Content starts
(* Let $\mathcal X$ be a set, $k:\mathcal X\times\mathcal X\to\mathbb R$ any positive-semidefinite kernel, and define $\tilde k(x,x')=k(x,x)$ if $x=x'$ and $\tilde k(x,x')=0$ if $x\ne x'$. Let $x_1,x_2,\dots\in\mathcal X$ be any points (repetitions allowed) with observations, and for $t\ge0$ let $\sigma_t^2$ and $\tilde\sigma_t^2$ denote the GP posterior predictive variances, with Gaussian noise variance $\sigma_\epsilon^2>0$, of GP models with prior covariance $k$ and $\tilde k$ respectively, both conditioned on the observations at $x_1,\dots,x_t$. Then for all $t\ge0$ and all $x\in\mathcal X$, $$\sigma_t^2(x)\le\tilde\sigma_t^2(x)=\frac{\sigma_\epsilon^2\,\tilde\sigma_0^2(x)}{\sigma_\epsilon^2+N_t(x)\,\tilde\sigma_0^2(x)},$$ where $N_t(x)=\sum_{i=1}^t\mathbb 1\{x_i=x\}$ and $\tilde\sigma_0^2(x)=\sigma_0^2(x)=k(x,x)$.
   Context: For a prior covariance $c$ and observation points $x_1,\dots,x_t$, the GP posterior variance with noise variance $\sigma_\epsilon^2$ is $\sigma_t^2(x)=c(x,x)-\mathbf c_t(x)^\top(\mathbf C_t+\sigma_\epsilon^2I)^{-1}\mathbf c_t(x)$, where $\mathbf c_t(x)=[c(x,x_i)]_{i=1}^t$ and $\mathbf C_t=[c(x_i,x_j)]_{i,j=1}^t$; for $t=0$ it is $c(x,x)$. It does not depend on the observed values. *)

From HB Require Import structures.
From mathcomp Require Import all_boot all_order all_algebra.
From mathcomp Require Import boolp reals.
Set Implicit Arguments. Unset Strict Implicit. Unset Printing Implicit Defensive.
Import Order.TTheory GRing.Theory Num.Theory.
Local Open Scope ring_scope.

Definition psd_kernel (R : realType) (X : Type) (k : X -> X -> R) : Prop :=
  (forall x y, k x y = k y x) /\
  (forall (n : nat) (pts : 'I_n -> X) (c : 'I_n -> R),
      0 <= \sum_(i < n) \sum_(j < n) c i * c j * k (pts i) (pts j)).

Definition diag_kernel (R : realType) (X : Type) (k : X -> X -> R) : X -> X -> R :=
  fun x x' => if `[< x = x' >] then k x x else 0.

(* c_t(x) = [c(x, x_i)]_{i=1..t} (index i : 'I_t stands for x_{i+1}). *)
Definition kvec (R : realType) (X : Type) (c : X -> X -> R) (xs : nat -> X)
  (t : nat) (x : X) : 'cV[R]_t := \col_(i < t) c x (xs i).

Definition kmat (R : realType) (X : Type) (c : X -> X -> R) (xs : nat -> X)
  (t : nat) : 'M[R]_t := \matrix_(i < t, j < t) c (xs i) (xs j).

Definition post_var (R : realType) (X : Type) (c : X -> X -> R) (s2 : R)
  (xs : nat -> X) (t : nat) (x : X) : R :=
  c x x - ((kvec c xs t x)^T *m invmx (kmat c xs t + s2%:M) *m kvec c xs t x) 0 0.

Definition count_obs (R : realType) (X : Type) (xs : nat -> X) (t : nat) (x : X) : R :=
  \sum_(i < t) (if `[< xs i = x >] then 1 else 0).

(* For a positive-definite symmetric A, c^T A^-1 c = max_w (2 w^T c - w^T A w),
   so every test vector w bounds the posterior variance from above.  Take w
   proportional to the indicator of the observations located at x: on those
   coordinates k and its diagonal version agree (every entry is k(x,x)), and for
   the diagonal kernel this w is exactly A^-1 c, because the indicator is an
   eigenvector of the diagonal Gram matrix with eigenvalue N_t(x) k(x,x).  So the
   bound obtained for k is the diagonal posterior variance, computed in closed
   form. *)

From HB Require Import structures.
From mathcomp Require Import all_boot all_order all_algebra.
From mathcomp Require Import boolp reals ring lra.
Set Implicit Arguments. Unset Strict Implicit. Unset Printing Implicit Defensive.
Import Order.TTheory GRing.Theory Num.Theory.
Local Open Scope ring_scope.

Section PsdMatrix.
Variables (R : realType) (n : nat).
Implicit Types (A : 'M[R]_n) (u v w c : 'cV[R]_n).

Definition psdmx A := forall u, 0 <= (u^T *m A *m u) 0 0.

Lemma mx11_tr (M : 'M[R]_1) : M^T 0 0 = M 0 0.
Proof. by rewrite mxE. Qed.

Lemma dotmxC u v : (u^T *m v) 0 0 = (v^T *m u) 0 0.
Proof. by rewrite -mx11_tr trmx_mul trmxK. Qed.

Lemma dotmxZl a u v : ((a *: u)^T *m v) 0 0 = a * (u^T *m v) 0 0.
Proof. by rewrite linearZ /= -scalemxAl mxE. Qed.

Lemma dotmxZr a u v : (u^T *m (a *: v)) 0 0 = a * (u^T *m v) 0 0.
Proof. by rewrite -scalemxAr mxE. Qed.

Lemma qformZ a A u : ((a *: u)^T *m A *m (a *: u)) 0 0 = a ^+ 2 * (u^T *m A *m u) 0 0.
Proof. by rewrite -mulmxA dotmxZl -scalemxAr dotmxZr mulrA -expr2 mulmxA. Qed.

Lemma dotmx_self u : (u^T *m u) 0 0 = \sum_i u i 0 ^+ 2.
Proof. by rewrite mxE; apply: eq_bigr => i _; rewrite mxE. Qed.

Lemma dotmx_self_eq0 u : (u^T *m u) 0 0 = 0 -> u = 0.
Proof.
rewrite dotmx_self => sum0; apply/matrixP => i j; rewrite (ord1 j) mxE.
by apply/eqP; rewrite -sqrf_eq0 (psumr_eq0P (fun i _ => sqr_ge0 (u i 0)) sum0).
Qed.

Lemma qform_add_scalar A s u :
  (u^T *m (A + s%:M) *m u) 0 0 = (u^T *m A *m u) 0 0 + s * (u^T *m u) 0 0.
Proof. by rewrite mulmxDr mulmxDl mul_mx_scalar -scalemxAl !mxE. Qed.

Lemma psdmx_add_scalar A s : psdmx A -> 0 <= s -> psdmx (A + s%:M).
Proof.
move=> psdA s0 u; rewrite qform_add_scalar addr_ge0 // mulr_ge0 //.
by rewrite dotmx_self sumr_ge0 // => i _; rewrite sqr_ge0.
Qed.

Lemma psdmx_add_scalar_unit A s : psdmx A -> 0 < s -> A + s%:M \in unitmx.
Proof.
move=> psdA s0; rewrite unitmxE unitfE; apply/negP => /det0P [v v0 vA0].
have vv_ge0 : 0 <= (v^T^T *m v^T) 0 0 by rewrite dotmx_self sumr_ge0 // => i _; rewrite sqr_ge0.
have : (v^T^T *m (A + s%:M) *m v^T) 0 0 = 0 by rewrite trmxK vA0 mul0mx mxE.
rewrite qform_add_scalar => quad0.
have /dotmx_self_eq0 vT0 : (v^T^T *m v^T) 0 0 = 0 by have := psdA v^T; nra.
by move: v0; rewrite -[v]trmxK vT0 trmx0 eqxx.
Qed.

Lemma qform_tr A u v : A^T = A -> (u^T *m A *m v) 0 0 = (v^T *m A *m u) 0 0.
Proof. by move=> AT; rewrite -mx11_tr !trmx_mul trmxK AT mulmxA. Qed.

Lemma psdmx_invmx_qform_lb A c w : A^T = A -> psdmx A -> A \in unitmx ->
  2 * (w^T *m c) 0 0 - (w^T *m A *m w) 0 0 <= (c^T *m invmx A *m c) 0 0.
Proof.
move=> AT psdA Au; set u := invmx A *m c.
have Auc : A *m u = c by rewrite mulKVmx.
have uc : (c^T *m invmx A *m c) 0 0 = (u^T *m c) 0 0 by rewrite dotmxC mulmxA.
have := psdA (w - u).
have entB (M N : 'M[R]_1) : (M - N) 0 0 = M 0 0 - N 0 0 by rewrite !mxE.
rewrite mulmxBr [(w - u)^T]linearB /= !mulmxBl !entB (qform_tr u w AT) uc.
by rewrite -!mulmxA Auc; lra.
Qed.
End PsdMatrix.

Section DiagKernel.
Variables (R : realType) (X : Type) (k : X -> X -> R).

Lemma psd_kernel_ge0 x : psd_kernel k -> 0 <= k x x.
Proof. by case=> _ /(_ 1%N (fun=> x) (fun=> 1)); rewrite !big_ord1 !mul1r. Qed.

Lemma asbool_eq_sym (x y : X) : `[< x = y >] = `[< y = x >].
Proof. exact: asbool_equiv_eq (conj esym esym). Qed.

Lemma diag_kernelxx x : diag_kernel k x x = k x x.
Proof. by rewrite /diag_kernel asboolT. Qed.

Lemma diag_kernelC x y : diag_kernel k x y = diag_kernel k y x.
Proof. by rewrite /diag_kernel asbool_eq_sym; case: asboolP => [->|]. Qed.

Section Points.
Variables (m : nat) (pts : 'I_m -> X).

Let same i j : R := if `[< pts i = pts j >] then 1 else 0.
Let mult i := \sum_(l < m) same i l.

Lemma same_ge0 i j : 0 <= same i j.
Proof. by rewrite /same; case: ifP. Qed.

Lemma mult_gt0 i : 0 < mult i.
Proof.
rewrite /mult (bigD1 i) //= /same asboolT //.
by rewrite ltr_pwDl // sumr_ge0 // => l _; exact: same_ge0.
Qed.

(* The Gram matrix of the diagonal kernel is a nonnegative combination of
   the rank-one matrices of the indicator vectors of the level sets of pts. *)
Lemma diag_kernel_gram i j :
  diag_kernel k (pts i) (pts j) =
  \sum_(l < m) same i l * same j l * (k (pts l) (pts l) / mult l).
Proof.
rewrite /diag_kernel; case: asboolP => [eij | neij]; last first.
  apply/esym/big1 => l _; rewrite /same.
  case: asboolP => [il|_]; last by rewrite !mul0r.
  by case: asboolP => [jl|_]; [rewrite il jl in neij | rewrite mulr0 mul0r].
have same_r l : same j l = same i l by rewrite /same eij.
have mult_l l : same i l = 1 -> mult l = mult i.
  rewrite /same; case: asboolP => [eil _|_ /eqP]; last by rewrite eq_sym oner_eq0.
  by apply: eq_bigr => l' _; rewrite /same eil.
transitivity (\sum_(l < m) same i l * (k (pts i) (pts i) / mult i)).
  by rewrite -big_distrl /= -/(mult i) mulrCA divff ?mulr1 // gt_eqF ?mult_gt0.
apply: eq_bigr => l _; rewrite same_r; case: (asboolP (pts i = pts l)) => eil.
  have sil : same i l = 1 by rewrite /same asboolT.
  by rewrite sil mult_l // !mul1r -eil.
have sil : same i l = 0 by rewrite /same asboolF.
by rewrite sil !mul0r.
Qed.

Lemma diag_kernel_qform_ge0 (z : 'I_m -> R) : (forall x, 0 <= k x x) ->
  0 <= \sum_(i < m) \sum_(j < m) z i * z j * diag_kernel k (pts i) (pts j).
Proof.
move=> k0; pose c l := k (pts l) (pts l) / mult l.
have -> : \sum_(i < m) \sum_(j < m) z i * z j * diag_kernel k (pts i) (pts j) =
    \sum_(l < m) (\sum_(i < m) same i l * z i) ^+ 2 * c l.
  transitivity (\sum_(i < m) \sum_(j < m) \sum_(l < m) same i l * z i * (same j l * z j) * c l).
    apply: eq_bigr => i _; apply: eq_bigr => j _.
    by rewrite diag_kernel_gram mulr_sumr; apply: eq_bigr => l _; rewrite /c; ring.
  under eq_bigr => i _ do rewrite exchange_big /=.
  rewrite exchange_big; apply: eq_bigr => l _.
  rewrite expr2 !big_distrl; apply: eq_bigr => i _ /=.
  by rewrite mulr_sumr big_distrl; apply: eq_bigr => j _ /=; ring.
apply: sumr_ge0 => l _; apply: mulr_ge0; first exact: sqr_ge0.
by apply: divr_ge0; [exact: k0 | exact: ltW (mult_gt0 l)].
Qed.

End Points.

Lemma diag_kernel_psd : (forall x, 0 <= k x x) -> psd_kernel (diag_kernel k).
Proof.
by move=> k0; split=> [x y|m pts z]; [exact: diag_kernelC | exact: diag_kernel_qform_ge0].
Qed.

End DiagKernel.

Section KernelMatrices.
Variables (R : realType) (X : Type) (xs : nat -> X) (t : nat).
Implicit Types (c k : X -> X -> R) (x : X).

Lemma kmat_qform c (u : 'cV[R]_t) :
  (u^T *m kmat c xs t *m u) 0 0 = \sum_(i < t) \sum_(j < t) u i 0 * u j 0 * c (xs i) (xs j).
Proof.
rewrite mxE exchange_big; apply: eq_bigr => j _.
by rewrite mxE big_distrl; apply: eq_bigr => i _; rewrite !mxE mulrAC.
Qed.

Lemma kmat_tr c : (forall x y, c x y = c y x) -> (kmat c xs t)^T = kmat c xs t.
Proof. by move=> csym; apply/matrixP => i j; rewrite !mxE csym. Qed.

Lemma kmat_psd c : psd_kernel c -> psdmx (kmat c xs t).
Proof. by move=> [_ cpsd] u; rewrite kmat_qform; exact: cpsd. Qed.

Lemma kmat_noise_unit c (s2 : R) : psd_kernel c -> 0 < s2 -> kmat c xs t + s2%:M \in unitmx.
Proof. by move=> cpsd s2p; exact: psdmx_add_scalar_unit (kmat_psd cpsd) s2p. Qed.

Lemma post_var0 c (s2 : R) x : post_var c s2 xs 0 x = c x x.
Proof. by rewrite /post_var [X in _ - X]mxE big_ord0 subr0. Qed.

Lemma post_var_ub c (s2 : R) x (w : 'cV[R]_t) : psd_kernel c -> 0 < s2 ->
  post_var c s2 xs t x <=
  c x x - (2 * (w^T *m kvec c xs t x) 0 0 - (w^T *m (kmat c xs t + s2%:M) *m w) 0 0).
Proof.
move=> cpsd s2p; rewrite /post_var lerD2l lerN2; apply: psdmx_invmx_qform_lb.
- by rewrite linearD /= kmat_tr ?tr_scalar_mx //; case: cpsd.
- exact: psdmx_add_scalar (kmat_psd cpsd) (ltW s2p).
- exact: kmat_noise_unit.
Qed.

Definition obs_ind x : 'cV[R]_t := \col_i (if `[< xs i = x >] then 1 else 0).

Lemma count_obs_ge0 x : 0 <= count_obs R xs t x.
Proof. by apply: sumr_ge0 => i _; case: ifP. Qed.

Lemma obs_ind_dot x : ((obs_ind x)^T *m obs_ind x) 0 0 = count_obs R xs t x.
Proof.
by rewrite dotmx_self; apply: eq_bigr => i _; rewrite mxE; case: ifP; rewrite ?expr1n ?expr0n.
Qed.

Lemma obs_ind_kvec c x : ((obs_ind x)^T *m kvec c xs t x) 0 0 = count_obs R xs t x * c x x.
Proof.
rewrite mxE big_distrl; apply: eq_bigr => i _ /=; rewrite !mxE.
by case: asboolP => [->|_]; rewrite ?mul1r ?mul0r.
Qed.

Lemma obs_ind_kmat c x :
  ((obs_ind x)^T *m kmat c xs t *m obs_ind x) 0 0 = count_obs R xs t x ^+ 2 * c x x.
Proof.
rewrite kmat_qform expr2 !big_distrl; apply: eq_bigr => i _ /=.
rewrite big_distrr big_distrl; apply: eq_bigr => j _ /=; rewrite !mxE.
by case: asboolP => [->|_]; case: asboolP => [->|_]; rewrite ?mul1r ?mul0r ?mulr0.
Qed.

Lemma kvec_diag_kernel k x : kvec (diag_kernel k) xs t x = k x x *: obs_ind x.
Proof.
apply/matrixP => i j; rewrite !mxE /diag_kernel asbool_eq_sym.
by case: asboolP => _; rewrite ?mulr1 ?mulr0.
Qed.

Lemma kmat_diag_kernel_obs_ind k x :
  kmat (diag_kernel k) xs t *m obs_ind x = (count_obs R xs t x * k x x) *: obs_ind x.
Proof.
apply/matrixP => i j; rewrite !mxE; case: asboolP => [xix|xinx].
  rewrite mulr1 /count_obs big_distrl; apply: eq_bigr => l _ /=.
  rewrite !mxE /diag_kernel xix asbool_eq_sym.
  by case: asboolP => _; rewrite ?mulr1 ?mul1r ?mulr0 ?mul0r.
rewrite mulr0; apply: big1 => l _; rewrite !mxE /diag_kernel.
case: asboolP => [il|_]; last by rewrite mul0r.
by case: asboolP => [lx|_]; [rewrite il lx in xinx | rewrite mulr0].
Qed.

Lemma obs_denom_neq0 (s2 a : R) x : 0 < s2 -> 0 <= a -> s2 + count_obs R xs t x * a != 0.
Proof. by move=> s2p a0; apply/lt0r_neq0/(ltr_wpDr _ s2p)/mulr_ge0 => //; exact: count_obs_ge0. Qed.

Lemma post_var_diag_kernel k (s2 : R) x : (forall y, 0 <= k y y) -> 0 < s2 ->
  post_var (diag_kernel k) s2 xs t x =
  s2 * k x x / (s2 + count_obs R xs t x * k x x).
Proof.
move=> k0 s2p; set N := count_obs R xs t x; set a := k x x; set D := s2 + N * a.
have D0 : D != 0 := obs_denom_neq0 x s2p (k0 x).
have solve : (kmat (diag_kernel k) xs t + s2%:M) *m ((a / D) *: obs_ind x) =
    kvec (diag_kernel k) xs t x.
  rewrite -scalemxAr mulmxDl kmat_diag_kernel_obs_ind mul_scalar_mx -scalerDl.
  by rewrite scalerA kvec_diag_kernel addrC -/N -/a -/D mulfVK.
rewrite /post_var -mulmxA -{2}solve mulKmx; last first.
  exact: kmat_noise_unit (diag_kernel_psd k0) s2p.
rewrite kvec_diag_kernel diag_kernelxx dotmxZl dotmxZr obs_ind_dot -/N -/a.
by rewrite /D; field.
Qed.

Lemma post_var_le_diag_kernel k (s2 : R) x : psd_kernel k -> 0 < s2 ->
  post_var k s2 xs t x <= post_var (diag_kernel k) s2 xs t x.
Proof.
move=> kpsd s2p; have k0 y := psd_kernel_ge0 y kpsd.
rewrite post_var_diag_kernel //; set N := count_obs R xs t x; set a := k x x.
set D := s2 + N * a.
have D0 : D != 0 := obs_denom_neq0 x s2p (k0 x).
apply: le_trans (post_var_ub x ((a / D) *: obs_ind x) kpsd s2p) _.
rewrite dotmxZl obs_ind_kvec qformZ qform_add_scalar obs_ind_kmat obs_ind_dot -/N -/a.
by rewrite [Y in Y <= _](_ : _ = s2 * a / D) // /D; field.
Qed.

End KernelMatrices.

Theorem mainTheorem4 (R : realType) (X : Type) (k : X -> X -> R)
  (xs : nat -> X) (s2 : R) :
  psd_kernel k -> 0 < s2 ->
  forall (t : nat) (x : X),
    post_var k s2 xs t x <= post_var (diag_kernel k) s2 xs t x /\
    post_var (diag_kernel k) s2 xs t x =
      s2 * post_var (diag_kernel k) s2 xs 0 x /
        (s2 + count_obs R xs t x * post_var (diag_kernel k) s2 xs 0 x) /\
    post_var (diag_kernel k) s2 xs 0 x = post_var k s2 xs 0 x /\
    post_var k s2 xs 0 x = k x x.
Proof.
move=> kpsd s2p t x; rewrite !post_var0 diag_kernelxx.
split; first exact: post_var_le_diag_kernel.
split=> //; apply: post_var_diag_kernel s2p => y; exact: psd_kernel_ge0.
Qed.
Content ends
Return, in full, every line of these entries that holds "Variables".

EXPECTED ANSWER.
Variables (R : realType) (n : nat).
Variables (R : realType) (X : Type) (k : X -> X -> R).
Variables (m : nat) (pts : 'I_m -> X).
Variables (R : realType) (X : Type) (xs : nat -> X) (t : nat).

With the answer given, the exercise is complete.